During a march of neo-Nazi’s and white supremacists who in Charlottesville, VA, in August 2017, there were violent clashes between them and those who opposed their message. In the aftermath of the violence, Trump said he was sure there “were very fine people” marching with the neo-Nazis and white supremacists. His words empowered the leaders of the hate groups.
He has praised assaults on reporters and called them the “enemy of the people.” He encourages violence at rallies. “If you see somebody getting ready to throw a tomato, knock the crap out of them, would you? Seriously, OK? Just knock the hell ... I promise you I will pay for the legal fees. I promise, I promise,” he said Feb. 1, 2016.
Such bravado, to the screaming cheers of his crowds, seen on television and on the internet, reaches into the troubled minds of those who are at the unstable edge where they can be incited to action.
Monday morning he read a prepared piece to reporters on the shootings in El Paso and Dayton. “In one voice our nation must condemn racism, bigotry and white supremacy,” Trump said without emotion. He also warned of “the perils of the internet and social media.”
Staff-drafted political pieces meant to calm the blow back from his comments at rallies over the past years mean little coming from someone you know doesn’t feel it in his heart. It’s the politically calculated thing to do for now. He will tone down his inflammatory remarks at his rallies for a while, but these shootings will soon fade from his memory and he will again incite his crowds with racist comments. He craves the adulation that they bring him from his adoring supporters. It’s a drug for him.
Trump didn’t endorse any gun control measures that Democrats have been seeking such as universal background checks for gun and ammunition buyers, banning the sale of assault-style weapons and high-capacity magazines, and barring those with mental health issues from having guns in his speech. While he spoke of the nation’s responsibilities, he never used the word “I.” He distanced himself from responsibility by talking in the third person.
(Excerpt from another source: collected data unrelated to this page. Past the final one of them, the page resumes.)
(* Let $k\ge 2$ and $n\ge 1$. For any $c\in\mathbb{N}$, there exists a classical $k$-party SMP protocol for the $k$-party equality function on $n$-bit inputs (the function of $x_1,\dots,x_k\in\{0,1\}^n$ that equals $1$ if and only if $x_1=x_2=\dots=x_k$), in which XOR-shared randomness is used and each player sends $c$ bits to the referee, such that: if $x_1=x_2=\dots=x_k$, the referee's answer is always $1$; otherwise, the referee's answer is $0$ with probability $1-1/2^c$.
   Context: The $k$-party SMP model: players $A_1,\dots,A_k$, where $A_i$ receives $x_i$, each send one message to a referee, who computes the output from the messages. XOR-shared randomness: each player $A_i$ receives an arbitrarily long random string $r_i$ (independent of the input) such that every $k-1$ of the strings $r_1,\dots,r_k$ are uniform and mutually independent, while the bitwise XOR $r_1\oplus\dots\oplus r_k$ is identically $0$. *)

(* Probabilities are rationals (finite discrete distributions). *)
From mathcomp Require Import all_boot all_order all_algebra.
Set Implicit Arguments. Unset Strict Implicit. Unset Printing Implicit Defensive.
Import Order.TTheory GRing.Theory Num.Theory.
Local Open Scope ring_scope.

Definition bitstr (n : nat) := {ffun 'I_n -> bool}.

Definition rand_profile (k m : nat) := {ffun 'I_k -> bitstr m}.

Definition xor_zero (k m : nat) (r : rand_profile k m) : Prop :=
  forall j : 'I_m, \big[addb/false]_(i < k) r i j = false.

(* D is a probability distribution on rand_profile k m realizing XOR-shared
   randomness: every k-1 of the strings are uniform and mutually independent
   (i.e. the joint marginal on any k-1 coordinates is uniform on
   ({0,1}^m)^(k-1)), and the XOR of all k strings is identically 0. *)
Definition xor_shared (k m : nat) (D : {ffun rand_profile k m -> rat}) : Prop :=
  [/\ (forall r, 0 <= D r),
      \sum_(r : rand_profile k m) D r = 1,
      (forall r, D r != 0 -> xor_zero r) &
      (forall (j : 'I_k) (y : rand_profile k m),
         \sum_(r : rand_profile k m | [forall i, (i != j) ==> (r i == y i)]) D r
           = ((2%:R : rat) ^+ (m * (k - 1)))^-1)].

Definition smp_output (k n m c : nat)
  (enc : 'I_k -> bitstr n -> bitstr m -> bitstr c)
  (ref : {ffun 'I_k -> bitstr c} -> bool)
  (x : {ffun 'I_k -> bitstr n}) (r : rand_profile k m) : bool :=
  ref [ffun i => enc i (x i) (r i)].

Definition prob_out0 (k n m c : nat)
  (enc : 'I_k -> bitstr n -> bitstr m -> bitstr c)
  (ref : {ffun 'I_k -> bitstr c} -> bool)
  (D : {ffun rand_profile k m -> rat}) (x : {ffun 'I_k -> bitstr n}) : rat :=
  \sum_(r : rand_profile k m | ~~ smp_output enc ref x r) D r.

Definition all_equal (k n : nat) (x : {ffun 'I_k -> bitstr n}) : Prop :=
  forall i j : 'I_k, x i = x j.

From mathcomp Require Import all_boot all_order all_algebra.
Import Order.TTheory GRing.Theory Num.Theory.
Set Implicit Arguments. Unset Strict Implicit. Unset Printing Implicit Defensive.
Local Open Scope ring_scope.

(* Lay the m = c * n shared random bits of player i out as a c x n matrix R_i;
   player i sends the c bits R_i x_i (over GF(2)) and the referee accepts iff
   the XOR of all messages vanishes.  Since the R_i sum to 0, equal inputs are
   always accepted.  The XOR-shared distribution is uniform on the profiles
   with zero sum, and it is invariant under adding the same matrix to two of
   the R_i.  If x_i0 and x_j0 differ at position p, adding a matrix supported
   on column p to R_i0 and R_j0 translates the XOR of the messages by an
   arbitrary vector; hence that XOR is uniform on {0,1}^c and vanishes with
   probability exactly 2^-c. *)

Section FiberMass.

Variables (R : numFieldType) (T Z : finType) (D : T -> R) (f : T -> Z) (z0 : Z).
Variable h : Z -> T -> T.
Hypothesis h_inj : forall z, injective (h z).
Hypothesis D_h : forall z r, D (h z r) = D r.
Hypothesis f_h : forall z r, (f (h z r) == z) = (f r == z0).

Lemma fiber_mass_uniform (z : Z) :
  \sum_(r | f r == z) D r = (\sum_r D r) / #|Z|%:R.
Proof.
have fiberE y : \sum_(r | f r == y) D r = \sum_(r | f r == z0) D r.
  rewrite (reindex_inj (@h_inj y)).
  by apply: eq_big => r; rewrite ?f_h ?D_h.
have cardZ : #|Z|%:R != 0 :> R by rewrite pnatr_eq0 -lt0n; apply/card_gt0P; exists z0.
have -> : \sum_r D r = #|Z|%:R * \sum_(r | f r == z0) D r.
  rewrite (partition_big f xpredT) //= (eq_bigr _ (fun y _ => fiberE y)).
  by rewrite sumr_const mulr_natl.
by rewrite fiberE mulrAC divff ?mul1r.
Qed.

End FiberMass.

Definition xor_zerob (k m : nat) (r : rand_profile k m) : bool :=
  [forall j, \big[addb/false]_(i < k) r i j == false].

Lemma xor_zeroP (k m : nat) (r : rand_profile k m) : reflect (xor_zero r) (xor_zerob r).
Proof. by apply: (iffP forallP) => H j; apply/eqP; exact: H. Qed.

Lemma xor_zero_eq (k m : nat) (j : 'I_k) (r r' : rand_profile k m) :
  xor_zero r -> xor_zero r' -> (forall i, i != j -> r' i = r i) -> r' = r.
Proof.
move=> zr zr' eq_r; apply/ffunP => i.
have [->|/eq_r//] := eqVneq i j; apply/ffunP => b.
have zb := zr b; have zb' := zr' b.
rewrite (bigD1 j) //= in zb; rewrite (bigD1 j) //= in zb'.
rewrite (eq_bigr (fun i => r i b)) in zb'; last by move=> i' /eq_r ->.
by move: zb zb'; case: (r j b); case: (r' j b); case: (\big[addb/false]_(i < k | i != j) r i b).
Qed.

(* A zero-sum profile is determined by all rows but one, so the marginal
   condition for the players other than player 0 is the value of D itself. *)
Lemma xor_sharedE (k m : nat) (D : {ffun rand_profile k m -> rat}) :
  (0 < k)%N -> xor_shared D ->
  forall r, D r = if xor_zerob r then ((2%:R : rat) ^+ (m * (k - 1)))^-1 else 0.
Proof.
move=> k_gt0 [_ _ D_supp D_marg] r; pose j := Ordinal k_gt0.
have [/xor_zeroP zr | nzr] := boolP (xor_zerob r); last first.
  by apply/eqP; apply: contraR nzr => /D_supp /xor_zeroP.
rewrite -(D_marg j r) (bigD1 r) /=; last by apply/forallP => i; apply/implyP.
rewrite big1 ?addr0 // => r' /andP[/forallP agree ne_r'].
apply/eqP; apply: contraR ne_r' => /D_supp zr'.
apply/eqP/(xor_zero_eq (j := j) zr zr') => i ne_ij.
exact/eqP/(implyP (agree i)).
Qed.

Definition flip2 (k m : nat) (i0 j0 : 'I_k) (d : bitstr m) (r : rand_profile k m) :
  rand_profile k m :=
  [ffun i => [ffun j => r i j (+) ((i == i0) (+) (i == j0)) && d j]].

Lemma flip2K (k m : nat) (i0 j0 : 'I_k) (d : bitstr m) : involutive (flip2 i0 j0 d).
Proof. by move=> r; apply/ffunP => i; apply/ffunP => j; rewrite !ffunE addbK. Qed.

Lemma bigxor_pred1 (I : finType) (i0 : I) (F : I -> bool) :
  \big[addb/false]_i ((i == i0) && F i) = F i0.
Proof. by rewrite -big_mkcond big_pred1_eq. Qed.

Lemma xor_zerob_flip2 (k m : nat) (i0 j0 : 'I_k) (d : bitstr m) (r : rand_profile k m) :
  xor_zerob (flip2 i0 j0 d r) = xor_zerob r.
Proof.
apply: eq_forallb => j; under eq_bigr do rewrite !ffunE andb_addl.
by rewrite !big_split /= !bigxor_pred1 addbb addbF.
Qed.

Definition cells (c n : nat) := #|{: 'I_c * 'I_n}|.

Definition cell (c n : nat) (a : 'I_c) (b : 'I_n) : 'I_(cells c n) := enum_rank (a, b).

(* Inner products over GF(2) of x with the c rows of the random matrix r. *)
Definition ip_enc (c n : nat) (x : bitstr n) (r : bitstr (cells c n)) : bitstr c :=
  [ffun a => \big[addb/false]_(b < n) (r (cell a b) && x b)].

Definition xor_referee (k c : nat) (msgs : {ffun 'I_k -> bitstr c}) : bool :=
  [ffun a => \big[addb/false]_i msgs i a] == [ffun => false].

Definition msg_xor (k n c : nat) (x : {ffun 'I_k -> bitstr n})
  (r : rand_profile k (cells c n)) : bitstr c :=
  [ffun a => \big[addb/false]_i ip_enc (x i) (r i) a].

Lemma smp_output_xor (k n c : nat) (x : {ffun 'I_k -> bitstr n}) r :
  smp_output (fun _ => @ip_enc c n) (@xor_referee k c) x r = (msg_xor x r == [ffun => false]).
Proof.
rewrite /smp_output /xor_referee; congr (_ == _); apply/ffunP => a.
by rewrite !ffunE; apply: eq_bigr => i _; rewrite ffunE.
Qed.

Lemma msg_xor_equal (k n c : nat) (x : {ffun 'I_k -> bitstr n}) r (i0 : 'I_k) :
  all_equal x -> xor_zero r -> msg_xor x r = [ffun => false] :> bitstr c.
Proof.
move=> x_eq zr; apply/ffunP => a; rewrite !ffunE.
under eq_bigr do rewrite ffunE (x_eq _ i0).
by rewrite exchange_big big1 // => b _; rewrite -big_distrl /= zr.
Qed.

Lemma ip_enc_shift (c n : nat) (x : bitstr n) (u v : bitstr (cells c n)) s a :
  ip_enc x [ffun j => u j (+) s && v j] a = ip_enc x u a (+) s && ip_enc x v a.
Proof.
rewrite !ffunE big_distrr -big_split /=.
by apply: eq_bigr => b _; rewrite ffunE andb_addl andbA.
Qed.

Definition column (c n : nat) (p : 'I_n) (w : bitstr c) : bitstr (cells c n) :=
  [ffun j => let: (a, b) := enum_val j in (b == p) && w a].

Lemma ip_enc_column (c n : nat) (x : bitstr n) (p : 'I_n) (w : bitstr c) a :
  ip_enc x (column p w) a = w a && x p.
Proof.
rewrite ffunE (eq_bigr (fun b => (b == p) && (w a && x b))) ?bigxor_pred1 //.
by move=> b _; rewrite ffunE enum_rankK andbA.
Qed.

Lemma msg_xor_flip2 (k n c : nat) (x : {ffun 'I_k -> bitstr n}) (i0 j0 : 'I_k)
    (p : 'I_n) (w : bitstr c) r :
  x i0 p != x j0 p ->
  msg_xor x (flip2 i0 j0 (column p w) r) = [ffun a => msg_xor x r a (+) w a].
Proof.
move=> x_ne; apply/ffunP => a; rewrite [LHS]ffunE [RHS]ffunE [msg_xor x r a]ffunE.
under eq_bigr do rewrite [flip2 _ _ _ _ _]ffunE ip_enc_shift ip_enc_column andb_addl.
rewrite !big_split /= !bigxor_pred1; congr (_ (+) _).
by move: x_ne; case: (x i0 p); case: (x j0 p); case: (w a).
Qed.

Lemma ffun_addb_eqr (I : finType) (u w : {ffun I -> bool}) :
  ([ffun a => u a (+) w a] == w) = (u == [ffun => false]).
Proof.
apply/eqP/eqP => [/ffunP eq_w | ->]; apply/ffunP => a; last by rewrite !ffunE.
by move: (eq_w a); rewrite !ffunE; case: (u a); case: (w a).
Qed.

Lemma not_all_equal_diff (k n : nat) (x : {ffun 'I_k -> bitstr n}) :
  ~ all_equal x -> exists i0 j0 p, x i0 p != x j0 p.
Proof.
move=> x_neq; have [|eq_x] := boolP [exists i0, exists j0, exists p, x i0 p != x j0 p].
  by case/existsP=> i0 /existsP[j0 /existsP[p ne]]; exists i0, j0, p.
case: x_neq => i j; apply/ffunP => p; apply/eqP; apply: contraNT eq_x => ne.
by apply/existsP; exists i; apply/existsP; exists j; apply/existsP; exists p.
Qed.

Theorem claim3 (k n : nat) (hk : (2 <= k)%N) (hn : (1 <= n)%N) (c : nat) :
  exists (m : nat) (enc : 'I_k -> bitstr n -> bitstr m -> bitstr c)
         (ref : {ffun 'I_k -> bitstr c} -> bool),
  forall D : {ffun rand_profile k m -> rat}, xor_shared D ->
  forall x : {ffun 'I_k -> bitstr n},
    (all_equal x -> forall r, D r != 0 -> smp_output enc ref x r = true) /\
    (~ all_equal x -> prob_out0 enc ref D x = 1 - ((2%:R : rat) ^+ c)^-1).
Proof.
have k_gt0 : (0 < k)%N by apply: leq_trans hk.
exists (cells c n), (fun _ => @ip_enc c n), (@xor_referee k c) => D D_xor x.
have [_ D_sum D_supp _] := D_xor; split.
  move=> x_eq r /D_supp zr.
  by rewrite smp_output_xor (msg_xor_equal (Ordinal k_gt0) x_eq zr) eqxx.
move=> /not_all_equal_diff[i0 [j0 [p x_ne]]].
have P0 : \sum_(r | msg_xor x r == [ffun => false]) D r = ((2%:R : rat) ^+ c)^-1.
  rewrite (fiber_mass_uniform (z0 := [ffun => false]) (h := fun w => flip2 i0 j0 (column p w))).
  - by rewrite D_sum div1r card_ffun card_bool card_ord natrX.
  - by move=> w; apply: inv_inj; apply: flip2K.
  - by move=> w r; rewrite !(xor_sharedE k_gt0 D_xor) xor_zerob_flip2.
  by move=> w r; rewrite msg_xor_flip2 // ffun_addb_eqr.
rewrite /prob_out0 (eq_bigl _ _ (fun r => congr1 negb (smp_output_xor x r))).
rewrite -[X in _ = X - _]D_sum [in RHS](bigID (fun r => msg_xor x r == [ffun => false])) /=.
by rewrite P0 addrAC subrr add0r.
Qed.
Prior to going to the El Paso WalMart the shooter posted a 2,300-word manifesto online saying “this attack is a response to the Hispanic invasion of Texas.” His words echoed Trump’s. The El Paso shooter is reported to have told investigators he wanted to “shoot as many Mexicans as he could.” Though he said he wasn’t a Democrat or Republican in his manifesto, he later said Texas would go democratic because more Hispanics were invading America.
“Presidents play a role in this country of not just consoling, but of setting a tone,” presidential historian John Meacham said on the MSNBC’s Morning Joe program Monday. “And for the last two and a half years (Trump’s role) is unacceptable.” It’s far more than unacceptable, it threatens the safety of every American.